- WORK TASK: In the entries that follow, find every line containing "unfold" and copy it.

- INPUT:

Lemma has_L2_projection_poly_lt_0 a b : has_L2_projection a b (poly_lt 0).
Proof.
  intros g Hg. exists (fun _ => 0). split; [exists (fun _ => 0); reflexivity|].
  intros v [c Hc]. rewrite (RInt_ext _ (fun _ => 0)), RInt_const.
  - unfold scal; simpl; unfold mult; simpl. ring.
  - intros x _. rewrite Hc. simpl. ring.
Qed.

(* Gram-Schmidt step: correct the projection q_g onto P_(<n) by the component of g
   along r = x^n - (projection of x^n). *)
Lemma has_L2_projection_poly_lt_S a b n : a < b ->
  has_L2_projection a b (poly_lt n) -> has_L2_projection a b (poly_lt (S n)).
Proof.
  intros Hab IH g Hg.
  destruct (IH (fun x => x ^ n) (continuous_everywhere_pow n)) as [qh [[ch Hch] Ph]].
  destruct (IH g Hg) as [qg [[cg Hcg] Pg]].
  assert (Cqh : continuous_everywhere qh) by (apply (poly_lt_continuous n); exists ch; auto).
  assert (Cqg : continuous_everywhere qg) by (apply (poly_lt_continuous n); exists cg; auto).
  set (r := fun x => x ^ n - qh x).
  assert (Cr : continuous_everywhere r) by (unfold r; solve_continuous).
  set (N := RInt (fun x => r x * r x) a b).
  assert (NN : N <> 0) by (apply RInt_sqr_pow_sub_poly_lt; [exact Hab|exists ch; exact Hch]).
  set (al := RInt (fun x => r x * g x) a b / N).
  exists (fun x => qg x + al * r x). split.
  - exists (fun i => if (i =? n)%nat then al else cg i + (- al) * ch i). intros x.
    simpl. rewrite Nat.eqb_refl.
    rewrite (sum_lt_ext n _ (fun i => cg i * x ^ i + (- al) * (ch i * x ^ i))), sum_lt_lin.
    + rewrite <- Hcg, <- Hch. unfold r. ring.
    + intros i Hi. rewrite (proj2 (Nat.eqb_neq i n)) by lia. ring.
  - intros v [cv Hcv]. simpl in Hcv.
    (* v = w + cv_n r with w in P_(<n) *)
    set (w := fun x => sum_lt n (fun i => cv i * x ^ i) + cv n * qh x).
    assert (Vw : poly_lt n w).
    { exists (fun i => cv i + cv n * ch i). intros x. unfold w. rewrite Hch, <- sum_lt_lin.
      apply sum_lt_ext. intros; ring. }
    assert (Cw : continuous_everywhere w) by (apply (poly_lt_continuous n), Vw).
    rewrite (RInt_ext_R _ (fun x => w x * (qg x - g x) + (- al) * (w x * (qh x - x ^ n))
        + (- cv n) * (qg x * (qh x - x ^ n)) + (- cv n) * (r x * g x) + (cv n * al) * (r x * r x))).
    2:{ intros x. rewrite Hcv. unfold w, r. ring. }
    rewrite !RInt_plus_continuous, !RInt_scal_continuous by solve_continuous.
    rewrite (Pg w Vw), (Ph w Vw), (Ph qg) by (exists cg; exact Hcg).
    fold N. unfold al. field. exact NN.
Qed.

Lemma L2_projection_is_poly1 a b k g : a < b -> continuous_everywhere g ->
  exists qc : nat -> R, forall v, is_poly1 k v ->
  RInt (fun x => v x * (sum_f_R0 (fun i => qc i * x ^ i) k - g x)) a b = 0.
Proof.
  intros Hab Hg.
  assert (P : has_L2_projection a b (poly_lt (S k))).
  { induction (S k); [apply has_L2_projection_poly_lt_0|].
    apply has_L2_projection_poly_lt_S; assumption. }
  destruct (P g Hg) as [q [[qc Hq] Pq]]. exists qc. intros v Hv.
  rewrite <- (Pq v) by (apply poly_lt_S_is_poly1, Hv).
  apply RInt_ext. intros x _. now rewrite Hq, sum_lt_S.
Qed.

(** * The interface conditions row by row *)

Definition poly2_row (m : nat) (c : nat -> nat -> R) (a : nat) (y : R) : R :=
  sum_f_R0 (fun b => if (a + b <=? m)%nat then c a b * y ^ b else 0) m.

Lemma is_poly2_eta_series m f : is_poly2 m f <-> exists c, f = eta_series m (poly2_row m c).
Proof.
  split; intros [c Hc]; exists c; [apply fun2_ext; intros e x; rewrite Hc|intros e x; subst f];
    unfold eta_series, poly2_row; apply sum_eq; intros a _; rewrite scal_sum;
    apply sum_eq; intros b _; destruct (a + b <=? m)%nat; ring.
Qed.

Lemma rows_smooth_poly2_row m c : rows_smooth (poly2_row m c).
Proof.
  intros a. apply (smooth1_sum (fun b y => if (a + b <=? m)%nat then c a b * y ^ b else 0)).
  intros b. destruct (a + b <=? m)%nat; [apply smooth1_monomial|apply smooth1_zero].
Qed.

Lemma poly2_row_trunc m c a y : (a <= m)%nat ->
  poly2_row m c a y = sum_f_R0 (fun b => c a b * y ^ b) (m - a).
Proof.
  intros Ha. unfold poly2_row.
  assert (Trunc : forall n, (m - a <= n)%nat ->
    sum_f_R0 (fun b => if (a + b <=? m)%nat then c a b * y ^ b else 0) n
    = sum_f_R0 (fun b => c a b * y ^ b) (m - a)).
  { induction n as [|n IH]; intros Hn.
    - replace (m - a)%nat with 0%nat by lia. simpl.
      destruct (Nat.leb_spec (a + 0) m); [reflexivity|lia].
    - destruct (Nat.eq_dec (m - a) (S n)) as [E|E].
      + rewrite E. apply sum_eq. intros b Hb. destruct (Nat.leb_spec (a + b) m); [reflexivity|lia].
      + rewrite tech5, IH by lia. destruct (Nat.leb_spec (a + S n) m); [lia|ring]. }
  apply Trunc. lia.
Qed.

Lemma poly2_row_is_poly1 m c a : (a <= m)%nat -> is_poly1 (m - a) (poly2_row m c a).
Proof. intros Ha. exists (c a). intros y. now apply poly2_row_trunc. Qed.

Lemma poly2_row_eq m c1 c2 a xi0 xi1 : xi0 < xi1 -> (a <= m)%nat ->
  (forall x, xi0 < x < xi1 -> poly2_row m c1 a x = poly2_row m c2 a x) ->
  poly2_row m c1 a = poly2_row m c2 a.
Proof.
  intros Hxi Ha H. apply functional_extensionality; intro y.
  apply Rminus_diag_uniq.
  apply (is_poly1_eq_0 (m - a) (fun x => poly2_row m c1 a x - poly2_row m c2 a x) xi0 xi1 Hxi).
  - apply is_poly1_minus; apply poly2_row_is_poly1; exact Ha.
  - intros x Hx. rewrite H by exact Hx. ring.
Qed.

- TASK ANSWER:
  - unfold scal; simpl; unfold mult; simpl. ring.
  assert (Cr : continuous_everywhere r) by (unfold r; solve_continuous).
    + rewrite <- Hcg, <- Hch. unfold r. ring.
    { exists (fun i => cv i + cv n * ch i). intros x. unfold w. rewrite Hch, <- sum_lt_lin.
    2:{ intros x. rewrite Hcv. unfold w, r. ring. }
    fold N. unfold al. field. exact NN.
    unfold eta_series, poly2_row; apply sum_eq; intros a _; rewrite scal_sum;
  intros Ha. unfold poly2_row.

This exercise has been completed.